A pesar de que la justicia estadounidense aportó pruebas contundentes sobre la transferencia de 200 mil dólares a José Luis Espert, y de que el propio economista tuvo que admitir tanto su vínculo con Federico “Fred” Machado como la recepción de ese dinero, el gobierno continúa sosteniendo la insólita teoría de que todo se trata de una operación política montada por el kirchnerismo. La documentación judicial, que incluye registros bancarios y evidencia incorporada en un juicio en Texas contra Machado por narcotráfico y lavado de dinero, no deja lugar a dudas sobre la existencia de la transferencia.

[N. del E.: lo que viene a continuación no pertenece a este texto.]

(* Let $\kappa$ be an uncountable regular cardinal and let $\mathcal{I}$ be a $\kappa$-complete proper ideal on $\kappa$ containing every bounded subset of $\kappa$. Then $\mathcal{I}$ has the approximation property if and only if there is a partition $\{C_\alpha:\alpha<\kappa\}$ of $\kappa$ such that, setting $D_\alpha=\bigcup_{\beta\le\alpha}C_\beta$, the family $\{D_\alpha:\alpha<\kappa\}$ is a basis for $\mathcal{I}$.
   Context: A basis for $\mathcal{I}$ is a family $\mathcal{B}\subseteq\mathcal{I}$ such that every $D\in\mathcal{I}$ is contained in some member of $\mathcal{B}$. $\mathcal{I}$ has the approximation property if there is a sequence $\langle B_\alpha:\alpha<\kappa\rangle$ of members of $\mathcal{I}$ which is strictly increasing ($B_\alpha\subsetneq B_\beta$ for $\alpha<\beta$) and continuous ($B_\alpha=\bigcup_{\beta<\alpha}B_\beta$ for limit $\alpha$), with $B_0=\emptyset$, and such that for every $B\in\mathcal{I}$ there is $\alpha<\kappa$ with $B\subsetneq B_\alpha$. *)

(* The cardinal kappa is modelled (up to order isomorphism) as a type K
   equipped with a strict well-order [lt] whose order type is an initial
   ordinal (a cardinal). *)
From Stdlib Require Import Classical.

Definition set (T : Type) := T -> Prop.

Definition injective {A B : Type} (f : A -> B) : Prop :=
  forall x y, f x = f y -> x = y.

Definition card_le (A B : Type) : Prop := exists f : A -> B, injective f.
Definition card_lt (A B : Type) : Prop := card_le A B /\ ~ card_le B A.

Definition strict_well_order {K : Type} (lt : K -> K -> Prop) : Prop :=
  (forall a, ~ lt a a) /\
  (forall a b c, lt a b -> lt b c -> lt a c) /\
  (forall a b, lt a b \/ a = b \/ lt b a) /\
  well_founded lt.

Definition le_of {K : Type} (lt : K -> K -> Prop) (a b : K) : Prop :=
  lt a b \/ a = b.

Definition segment {K : Type} (lt : K -> K -> Prop) (a : K) : Type :=
  { b : K | lt b a }.

Definition is_cardinal_order {K : Type} (lt : K -> K -> Prop) : Prop :=
  strict_well_order lt /\ forall a : K, card_lt (segment lt a) K.

Definition uncountable (K : Type) : Prop := ~ card_le K nat.

Definition bounded {K : Type} (lt : K -> K -> Prop) (X : set K) : Prop :=
  exists a, forall x, X x -> lt x a.

Definition unbounded {K : Type} (lt : K -> K -> Prop) (X : set K) : Prop :=
  forall a, exists x, X x /\ le_of lt a x.

Definition regular {K : Type} (lt : K -> K -> Prop) : Prop :=
  forall X : set K, unbounded lt X -> card_le K { x : K | X x }.

Definition is_zero {K : Type} (lt : K -> K -> Prop) (a : K) : Prop :=
  forall b, ~ lt b a.

Definition is_limit {K : Type} (lt : K -> K -> Prop) (a : K) : Prop :=
  (exists b, lt b a) /\ (forall b, lt b a -> exists c, lt b c /\ lt c a).

Definition subset {K : Type} (X Y : set K) : Prop := forall x, X x -> Y x.
Definition psubset {K : Type} (X Y : set K) : Prop :=
  subset X Y /\ exists y, Y y /\ ~ X y.
Definition set_eq {K : Type} (X Y : set K) : Prop := forall x, X x <-> Y x.

Definition is_ideal {K : Type} (I : set (set K)) : Prop :=
  I (fun _ => False) /\
  (forall X Y, I Y -> subset X Y -> I X) /\
  (forall X Y, I X -> I Y -> I (fun x => X x \/ Y x)).

Definition proper_ideal {K : Type} (I : set (set K)) : Prop :=
  is_ideal I /\ ~ I (fun _ => True).

Definition kappa_complete {K : Type} (I : set (set K)) : Prop :=
  forall (J : Type) (F : J -> set K),
    card_lt J K -> (forall j, I (F j)) -> I (fun x => exists j, F j x).

Definition contains_bounded {K : Type} (lt : K -> K -> Prop) (I : set (set K)) : Prop :=
  forall X, bounded lt X -> I X.

Definition is_basis {K : Type} {J : Type} (I : set (set K)) (B : J -> set K) : Prop :=
  (forall j, I (B j)) /\ (forall D, I D -> exists j, subset D (B j)).

Definition approximation_property {K : Type} (lt : K -> K -> Prop)
    (I : set (set K)) : Prop :=
  exists B : K -> set K,
    (forall a, I (B a)) /\
    (forall a b, lt a b -> psubset (B a) (B b)) /\
    (forall a, is_limit lt a -> set_eq (B a) (fun x => exists b, lt b a /\ B b x)) /\
    (forall a, is_zero lt a -> set_eq (B a) (fun _ => False)) /\
    (forall X, I X -> exists a, psubset X (B a)).

Definition is_partition {K : Type} (C : K -> set K) : Prop :=
  (forall a, exists x, C a x) /\
  (forall a b x, C a x -> C b x -> a = b) /\
  (forall x, exists a, C a x).

Definition cumulative {K : Type} (lt : K -> K -> Prop) (C : K -> set K) (a : K) : set K :=
  fun x => exists b, le_of lt b a /\ C b x.

From Stdlib Require Import Classical.

(* Given a chain B witnessing the approximation property, take for C_a the
   successor layer B_(a+1) \ B_a.  Since B_0 is empty and B is continuous,
   every point of B_c enters the chain at a successor stage below c; as
   singletons are bounded, hence in I, and lie in some B_c, the layers
   partition kappa, and D_a = B_(a+1) is cofinal in I.  Conversely, for a
   partition C the sets B_a = U_(b<a) C_b form a strictly increasing
   continuous chain with D_a included in B_(a+1), strictly below B_(a+2).
   Both directions only need kappa to have no largest element, which follows
   from regularity and uncountability. *)

Lemma subset_psubset_trans {K : Type} (X Y Z : set K) :
  subset X Y -> psubset Y Z -> psubset X Z.
Proof.
  intros hXY [hYZ [z [hz hYz]]]. split.
  - intros x hx. exact (hYZ x (hXY x hx)).
  - exists z. split; [exact hz |]. intros hXz. exact (hYz (hXY z hXz)).
Qed.

Section WellOrder.

Variables (K : Type) (lt : K -> K -> Prop).
Hypothesis lt_wo : strict_well_order lt.

Lemma lt_irrefl a : ~ lt a a.
Proof. exact (proj1 lt_wo a). Qed.

Lemma lt_trans a b c : lt a b -> lt b c -> lt a c.
Proof. exact (proj1 (proj2 lt_wo) a b c). Qed.

Lemma lt_total a b : lt a b \/ a = b \/ lt b a.
Proof. exact (proj1 (proj2 (proj2 lt_wo)) a b). Qed.

Lemma well_founded_least (P : K -> Prop) x :
  P x -> exists m, P m /\ forall y, lt y m -> ~ P y.
Proof.
  induction x as [x IH] using (well_founded_ind (proj2 (proj2 (proj2 lt_wo)))).
  intros Px.
  destruct (classic (exists y, lt y x /\ P y)) as [[y [hyx Py]] | hnone].
  - exact (IH y hyx Py).
  - exists x. split; [exact Px |]. intros y hyx Py. apply hnone. eauto.
Qed.

Lemma not_lt_le a b : ~ lt b a -> le_of lt a b.
Proof. unfold le_of. destruct (lt_total a b) as [h | [h | h]]; tauto. Qed.

Lemma lt_le_trans a b c : lt a b -> le_of lt b c -> lt a c.
Proof. intros hab [hbc | <-]; [exact (lt_trans a b c hab hbc) | exact hab]. Qed.

Lemma le_lt_trans a b c : le_of lt a b -> lt b c -> lt a c.
Proof. intros [hab | ->] hbc; [exact (lt_trans a b c hab hbc) | exact hbc]. Qed.

Lemma regular_uncountable_unbounded :
  uncountable K -> regular lt -> forall a, exists b, lt a b.
Proof.
  intros Hunc Hreg a. apply NNPP. intros hmax.
  assert (htop : unbounded lt (fun x => x = a)).
  { intros c. exists a. split; [reflexivity |].
    apply not_lt_le. intros hac. apply hmax. eauto. }
  destruct (Hreg _ htop) as [f finj].
  apply Hunc. exists (fun _ => 0). intros x y _. apply finj.
  destruct (f x) as [u hu], (f y) as [v hv]. subst u v. reflexivity.
Qed.

Definition is_succ (a s : K) : Prop := lt a s /\ forall d, lt a d -> ~ lt d s.

Lemma succ_exists a b : lt a b -> exists s, is_succ a s.
Proof.
  intros hab. destruct (well_founded_least (lt a) b hab) as [s [has hmin]].
  exists s. split; [exact has |]. intros d had hds. exact (hmin d hds had).
Qed.

Lemma succ_le a s b : is_succ a s -> lt a b -> le_of lt s b.
Proof. intros [_ hs] hab. apply not_lt_le. exact (hs b hab). Qed.

Lemma zero_limit_or_succ m :
  is_zero lt m \/ is_limit lt m \/ exists b, is_succ b m.
Proof.
  destruct (classic (exists b, lt b m)) as [hpos | hzero].
  - destruct (classic (exists b, is_succ b m)) as [hsucc | hnsucc]; [tauto |].
    right; left. split; [exact hpos |]. intros b hbm.
    apply NNPP. intros hgap. apply hnsucc. exists b. split; [exact hbm |].
    intros d hbd hdm. apply hgap. eauto.
  - left. intros b hbm. apply hzero. eauto.
Qed.

Section Layers.

Variable B : K -> set K.
Hypothesis B_mono : forall a b, lt a b -> subset (B a) (B b).
Hypothesis B_zero : forall a, is_zero lt a -> set_eq (B a) (fun _ => False).
Hypothesis B_limit :
  forall a, is_limit lt a -> set_eq (B a) (fun x => exists b, lt b a /\ B b x).

Lemma chain_le_subset a b : le_of lt a b -> subset (B a) (B b).
Proof. intros [hab | <-]; [exact (B_mono a b hab) | intros x hx; exact hx]. Qed.

Definition layer (a : K) : set K :=
  fun x => exists s, is_succ a s /\ B s x /\ ~ B a x.

Lemma layer_nonempty a s : is_succ a s -> psubset (B a) (B s) -> exists x, layer a x.
Proof. intros has [_ [y [hsy hay]]]. exists y, s. auto. Qed.

Lemma layer_lt_disjoint a b x : lt a b -> layer a x -> ~ layer b x.
Proof.
  intros hab [s [has [hsx _]]] [_ [_ [_ hbx]]].
  exact (hbx (chain_le_subset s b (succ_le a s b has hab) x hsx)).
Qed.

Lemma layer_disjoint a b x : layer a x -> layer b x -> a = b.
Proof.
  intros hax hbx. destruct (lt_total a b) as [h | [h | h]]; [| exact h |]; exfalso.
  - exact (layer_lt_disjoint a b x h hax hbx).
  - exact (layer_lt_disjoint b a x h hbx hax).
Qed.

Lemma cumulative_layer_subset a s : is_succ a s -> subset (cumulative lt layer a) (B s).
Proof.
  intros has x [b [hba [s' [hbs' [hs'x _]]]]].
  apply (chain_le_subset s' s); [| exact hs'x].
  exact (succ_le b s' s hbs' (le_lt_trans b a s hba (proj1 has))).
Qed.

Lemma chain_in_layer c x : B c x -> exists b, lt b c /\ layer b x.
Proof.
  intros hcx.
  destruct (well_founded_least (fun m => B m x) c hcx) as [m [hmx hmin]].
  assert (hmc : le_of lt m c) by (apply not_lt_le; intros h; exact (hmin c h hcx)).
  destruct (zero_limit_or_succ m) as [hz | [hl | [b hbm]]].
  - exfalso. exact (proj1 (B_zero m hz x) hmx).
  - exfalso. destruct (proj1 (B_limit m hl x) hmx) as [b [hbm hbx]].
    exact (hmin b hbm hbx).
  - exists b. split; [exact (lt_le_trans b m c (proj1 hbm) hmc) |].
    exists m. split; [exact hbm |]. split; [exact hmx | exact (hmin b (proj1 hbm))].
Qed.

End Layers.

Section Below.

Variable C : K -> set K.

Definition below (a : K) : set K := fun x => exists b, lt b a /\ C b x.

Lemma below_subset_cumulative a : subset (below a) (cumulative lt C a).
Proof. intros x [b [hba hbx]]. exists b. split; [left; exact hba | exact hbx]. Qed.

Lemma cumulative_subset_below a b : lt a b -> subset (cumulative lt C a) (below b).
Proof.
  intros hab x [d [hda hdx]]. exists d.
  split; [exact (le_lt_trans d a b hda hab) | exact hdx].
Qed.

Lemma below_zero a : is_zero lt a -> set_eq (below a) (fun _ => False).
Proof. intros hz x. split; [intros [b [hba _]]; exact (hz b hba) | intros []]. Qed.

Lemma below_limit a :
  is_limit lt a -> set_eq (below a) (fun x => exists b, lt b a /\ below b x).
Proof.
  intros [_ hlim] x. split.
  - intros [d [hda hdx]]. destruct (hlim d hda) as [b [hdb hba]].
    exists b. split; [exact hba |]. exists d. split; assumption.
  - intros [b [hba [d [hdb hdx]]]]. exists d.
    split; [exact (lt_trans d b a hdb hba) | exact hdx].
Qed.

Hypothesis C_nonempty : forall a, exists x, C a x.
Hypothesis C_disjoint : forall a b x, C a x -> C b x -> a = b.

Lemma below_strict a b : lt a b -> psubset (below a) (below b).
Proof.
  intros hab. split.
  - intros x [d [hda hdx]]. exists d. split; [exact (lt_trans d a b hda hab) | exact hdx].
  - destruct (C_nonempty a) as [y hay]. exists y. split; [exists a; split; assumption |].
    intros [d [hda hdy]]. rewrite (C_disjoint d a y hdy hay) in hda.
    exact (lt_irrefl a hda).
Qed.

End Below.

Section Unbounded.

Hypothesis lt_unbounded : forall a, exists b, lt a b.

Lemma succ_exists_unbounded a : exists s, is_succ a s.
Proof. destruct (lt_unbounded a) as [b hab]. exact (succ_exists a b hab). Qed.

Variable I : set (set K).
Hypothesis I_down : forall X Y, I Y -> subset X Y -> I X.

Lemma approximation_partition_basis :
  contains_bounded lt I -> approximation_property lt I ->
  exists C : K -> set K, is_partition C /\ is_basis I (cumulative lt C).
Proof.
  intros Hbdd [B [HBI [Hstrict [Hlim [Hzero Hcof]]]]].
  assert (Hmono : forall a b, lt a b -> subset (B a) (B b))
    by (intros a b hab; exact (proj1 (Hstrict a b hab))).
  exists (layer B). split; [split; [| split] | split].
  - intros a. destruct (succ_exists_unbounded a) as [s has].
    exact (layer_nonempty B a s has (Hstrict a s (proj1 has))).
  - exact (layer_disjoint B Hmono).
  - intros x. destruct (lt_unbounded x) as [b hxb].
    assert (hsing : I (fun y => y = x)) by (apply Hbdd; exists b; intros y ->; exact hxb).
    destruct (Hcof _ hsing) as [c [hc _]].
    destruct (chain_in_layer B Hzero Hlim c x (hc x eq_refl)) as [a [_ hax]].
    exists a. exact hax.
  - intros a. destruct (succ_exists_unbounded a) as [s has].
    exact (I_down _ _ (HBI s) (cumulative_layer_subset B Hmono a s has)).
  - intros X HX. destruct (Hcof X HX) as [c [hXc _]]. exists c. intros x hx.
    destruct (chain_in_layer B Hzero Hlim c x (hXc x hx)) as [a [hac hax]].
    exists a. split; [left; exact hac | exact hax].
Qed.

Lemma partition_basis_approximation (C : K -> set K) :
  is_partition C -> is_basis I (cumulative lt C) -> approximation_property lt I.
Proof.
  intros [Cne [Cdis _]] [HDI HDcof].
  exists (below C). split; [| split; [| split; [| split]]].
  - intros a. exact (I_down _ _ (HDI a) (below_subset_cumulative C a)).
  - exact (below_strict C Cne Cdis).
  - exact (below_limit C).
  - exact (below_zero C).
  - intros X HX. destruct (HDcof X HX) as [a hXa].
    destruct (lt_unbounded a) as [b hab]. destruct (lt_unbounded b) as [c hbc].
    exists c. apply (subset_psubset_trans X (below C b) (below C c)).
    + intros x hx. exact (cumulative_subset_below C a b hab x (hXa x hx)).
    + exact (below_strict C Cne Cdis b c hbc).
Qed.

End Unbounded.

End WellOrder.

Theorem lemma2p2 (K : Type) (lt : K -> K -> Prop)
  (Hcard : is_cardinal_order lt) (Hunc : uncountable K) (Hreg : regular lt)
  (I : set (set K)) (HI : proper_ideal I) (Hcomp : kappa_complete I)
  (Hbdd : contains_bounded lt I) :
  approximation_property lt I <->
  exists C : K -> set K, is_partition C /\ is_basis I (cumulative lt C).
Proof.
  destruct Hcard as [Hwo _].
  destruct HI as [[_ [Hdown _]] _].
  pose proof (regular_uncountable_unbounded K lt Hwo Hunc Hreg) as Hunb.
  split.
  - exact (approximation_partition_basis K lt Hwo Hunb I Hdown Hbdd).
  - intros [C [HC HD]].
    exact (partition_basis_approximation K lt Hwo Hunb I Hdown C HC HD).
Qed.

Espert, que inicialmente negó cualquier relación con Machado y la existencia del pago, terminó reconociendo en un video que el dinero provino de una empresa minera vinculada al empresario detenido, aunque insistió en que se trató de un contrato de asesoría económica y no de financiamiento de campaña. Sin embargo, esta explicación no logra disipar las dudas ni las críticas, especialmente porque el economista no devolvió el dinero ni completó el trabajo pactado, y su patrimonio creció notablemente tras la transferencia.

En medio de esta crisis, el presidente Javier Milei volvió a respaldar públicamente a Espert, calificando las denuncias como una maniobra sucia del kirchnerismo, a pesar de la evidencia irrefutable. Esta postura genera tensiones internas en el oficialismo libertario, que enfrenta una fuerte presión electoral y una creciente pérdida de credibilidad. La insistencia en negar la realidad y atribuir todo a una conspiración política parece más una estrategia para sostener la candidatura de Espert que una defensa basada en hechos.